An agent for scanning application source for security vulnerabilities
This agent is a specialized Static Application Security Testing (SAST) framework designed to evaluate the capabilities of Large Language Models (LLMs) in identifying security vulnerabilities in source code.
It operates by presenting the LLM with a “challenge,” a codebase containing known, predefined vulnerabilities.
The agent then prompts the model to act as a security expert, analyze the files, and report any security issues it discovers.
The agent tracks the findings and scores the model’s performance by comparing its results against a manifest of the known vulnerabilities, providing metrics like coverage and accuracy.

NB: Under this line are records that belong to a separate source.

(* Let $V$ be a finite-dimensional vector space over $\mathbb{F}_q$ and $s_1,s_2,s_3$ transvections in $\mathrm{SL}(V)$. Then \[w(s_1,s_2,s_3)-w(s_1,s_3,s_2)=w(s_1,s_3)-w(s_1,s_2)w(s_2,s_3)-w(s_1^{s_2},s_3).\]
   Context: Transvections $s_i=1+u_i\otimes\phi_i$, i.e. $x\mapsto x+\phi_i(x)u_i$ with $\phi_i(u_i)=0$. For transvections $r_1,\dots,r_k$ ($k\ge2$), $w(r_1,\dots,r_k)=\prod_{i=1}^k\phi_{r_{i+1}}(u_{r_i})$ (indices mod $k$), which is independent of the chosen representations. $s^g=g^{-1}sg$. *)

From HB Require Import structures.
From mathcomp Require Import all_boot all_order all_algebra all_field.
Set Implicit Arguments. Unset Strict Implicit. Unset Printing Implicit Defensive.
Import GRing.Theory.
Local Open Scope ring_scope.

(* V = 'cV[F]_n (column vectors), linear maps = square matrices acting on the
   left (x |-> A *m x), so matrix product is composition of maps.
   Linear functionals are row vectors phi, with phi(x) = (phi *m x) 0 0. *)

Definition ev (F : fieldType) (n : nat) (phi : 'rV[F]_n) (x : 'cV[F]_n) : F :=
  (phi *m x) 0 0.

Definition tv_rep (F : fieldType) (n : nat) (s : 'M[F]_n)
  (u : 'cV[F]_n) (phi : 'rV[F]_n) : Prop :=
  ev phi u = 0 /\ s = 1%:M + u *m phi.

Definition transvection (F : fieldType) (n : nat) (s : 'M[F]_n) : Prop :=
  s <> 1%:M /\ exists u phi, tv_rep s u phi.

Definition conjm (F : fieldType) (n : nat) (s g : 'M[F]_n) : 'M[F]_n :=
  invmx g *m s *m g.

Definition w2 (F : fieldType) (n : nat) (u1 : 'cV[F]_n) (phi1 : 'rV[F]_n)
  (u2 : 'cV[F]_n) (phi2 : 'rV[F]_n) : F :=
  ev phi2 u1 * ev phi1 u2.

Definition w3 (F : fieldType) (n : nat) (u1 : 'cV[F]_n) (phi1 : 'rV[F]_n)
  (u2 : 'cV[F]_n) (phi2 : 'rV[F]_n) (u3 : 'cV[F]_n) (phi3 : 'rV[F]_n) : F :=
  ev phi2 u1 * ev phi3 u2 * ev phi1 u3.

From HB Require Import structures.
From mathcomp Require Import all_boot all_order all_algebra all_field.
From mathcomp Require Import ring.
Set Implicit Arguments. Unset Strict Implicit. Unset Printing Implicit Defensive.
Import GRing.Theory.
Local Open Scope ring_scope.

(* The conjugate s1^{s2} = s2^-1 s1 s2 is the transvection with representation
   (s2^-1 u1, phi1 s2), and s2^-1 = 1 - u2 (x) phi2.  Since w(s1^{s2}, s3) does not
   depend on the representation, it expands into
   (phi3(u1) - phi2(u1) phi3(u2)) (phi1(u3) + phi1(u2) phi2(u3)),
   and the claimed identity becomes a polynomial identity in the pairings. *)

Section Transvections.

Variables (F : fieldType) (n : nat).
Implicit Types (s g : 'M[F]_n) (u v x : 'cV[F]_n) (phi psi : 'rV[F]_n).

Lemma ev_mulmxA phi (A : 'M[F]_n) x : ev phi (A *m x) = ev (phi *m A) x.
Proof. by rewrite /ev mulmxA. Qed.

Lemma evNr phi u : ev phi (- u) = - ev phi u.
Proof. by rewrite /ev mulmxN mxE. Qed.

Lemma ev_rank1 phi psi u x : ev (phi *m (u *m psi)) x = ev phi u * ev psi x.
Proof. by rewrite /ev !mulmxA -(mulmxA (phi *m u)) mxE big_ord1. Qed.

Lemma ev_mul_tv phi psi u x :
  ev (phi *m (1%:M + u *m psi)) x = ev phi x + ev phi u * ev psi x.
Proof. by rewrite mulmxDr mulmx1 -ev_rank1 /ev mulmxDl mxE. Qed.

Lemma tv_rep_mulmx_inv s u phi : tv_rep s u phi -> s *m (1%:M - u *m phi) = 1%:M.
Proof.
move=> [phi_u0 ->]; have nil_uphi : u *m phi *m (u *m phi) = 0.
  by rewrite mulmxA -(mulmxA u) (mx11_scalar (phi *m u)) -/(ev phi u) phi_u0
             mul_mx_scalar scale0r mul0mx.
by rewrite mulmxBr mulmx1 mulmxDl mul1mx nil_uphi addr0 addrK.
Qed.

Lemma tv_rep_unitmx s u phi : tv_rep s u phi -> s \in unitmx.
Proof. by move/tv_rep_mulmx_inv/mulmx1_unit => []. Qed.

Lemma tv_rep_inv s u phi : tv_rep s u phi -> tv_rep (invmx s) (- u) phi.
Proof.
move=> rep; have s_unit := tv_rep_unitmx rep.
have [phi_u0 _] := rep; split; first by rewrite evNr phi_u0 oppr0.
move/(congr1 (mulmx (invmx s))): (tv_rep_mulmx_inv rep).
by rewrite mulKmx // mulmx1 mulNmx => <-.
Qed.

Lemma tv_rep_conjm s g u phi : g \in unitmx ->
  tv_rep s u phi -> tv_rep (conjm s g) (invmx g *m u) (phi *m g).
Proof.
move=> g_unit [phi_u0 ->]; split.
  by rewrite ev_mulmxA -(mulmxA phi) mulmxV // mulmx1.
by rewrite /conjm mulmxDr mulmx1 mulmxDl mulVmx // !mulmxA.
Qed.

Lemma tv_rep_rank1 s u u' phi phi' :
  tv_rep s u phi -> tv_rep s u' phi' -> u *m phi = u' *m phi'.
Proof. by move=> [_ ->] [_] /addrI. Qed.

Lemma w2_rank1 u phi v psi : w2 u phi v psi = ev (psi *m (u *m phi)) v.
Proof. by rewrite ev_rank1. Qed.

Lemma w2_indep_repl s u u' phi phi' v psi :
  tv_rep s u phi -> tv_rep s u' phi' -> w2 u phi v psi = w2 u' phi' v psi.
Proof. by move=> rep rep'; rewrite !w2_rank1 (tv_rep_rank1 rep rep'). Qed.

End Transvections.

Theorem lemma4p11 (F : finFieldType) (n : nat) (s1 s2 s3 : 'M[F]_n)
  (u1 u2 u3 u12 : 'cV[F]_n) (phi1 phi2 phi3 phi12 : 'rV[F]_n) :
  transvection s1 -> transvection s2 -> transvection s3 ->
  tv_rep s1 u1 phi1 -> tv_rep s2 u2 phi2 -> tv_rep s3 u3 phi3 ->
  tv_rep (conjm s1 s2) u12 phi12 ->
  w3 u1 phi1 u2 phi2 u3 phi3 - w3 u1 phi1 u3 phi3 u2 phi2 =
  w2 u1 phi1 u3 phi3 - w2 u1 phi1 u2 phi2 * w2 u2 phi2 u3 phi3
  - w2 u12 phi12 u3 phi3.
Proof.
move=> _ _ _ rep1 rep2 _ rep12.
have rep_conj := tv_rep_conjm (tv_rep_unitmx rep2) rep1.
rewrite (w2_indep_repl _ _ rep12 rep_conj) /w2 /w3 ev_mulmxA.
have [_ ->] := tv_rep_inv rep2; have [_ ->] := rep2.
by rewrite !ev_mul_tv evNr; ring.
Qed.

The primary purpose of this agent is to benchmark and compare the effectiveness of different LLMs for security code review tasks.
It is intended for researchers and security professionals who want to quantitatively measure a model’s ability to detect various types of vulnerabilities (e.g., SQL Injection, XSS, Command Injection) in a controlled and reproducible environment.
The agent is a Python command-line application.
The agent operates on a local collection of code “challenges” located in the challenges directory.
For its container mode, a running Docker daemon is required on the host machine.
Challenge-Based Evaluation: Runs security analysis on pre-defined coding challenges, each with a manifest of known vulnerabilities.
**Dual Operation Modes:
Direct Mode: The LLM is given a list of files and can request to read them one by one. This tests the model’s ability to analyze code when the content is provided directly.
Container Mode: The LLM is placed in a sandboxed shell environment with the source code mounted. It must use shell commands (ls, cat, grep, etc.) to explore and analyze the files, testing its tool-use and planning capabilities.
Automated Scoring: Automatically validates the LLM’s reported findings against the ground truth from the challenge manifest, tracking metrics for valid findings, duplicates, and overall coverage.
Structured Vulnerability Reporting: Defines a clear schema for the LLM to report vulnerabilities, including the vulnerability type, description, file, function, and line number.
Customizable System Prompts: Allows for easy modification of the system prompt and the addition of suffixes to test how different instructions affect model performance.
Concurrent Execution: Leverages asyncio to run evaluations for multiple challenges in parallel, speeding up the testing process.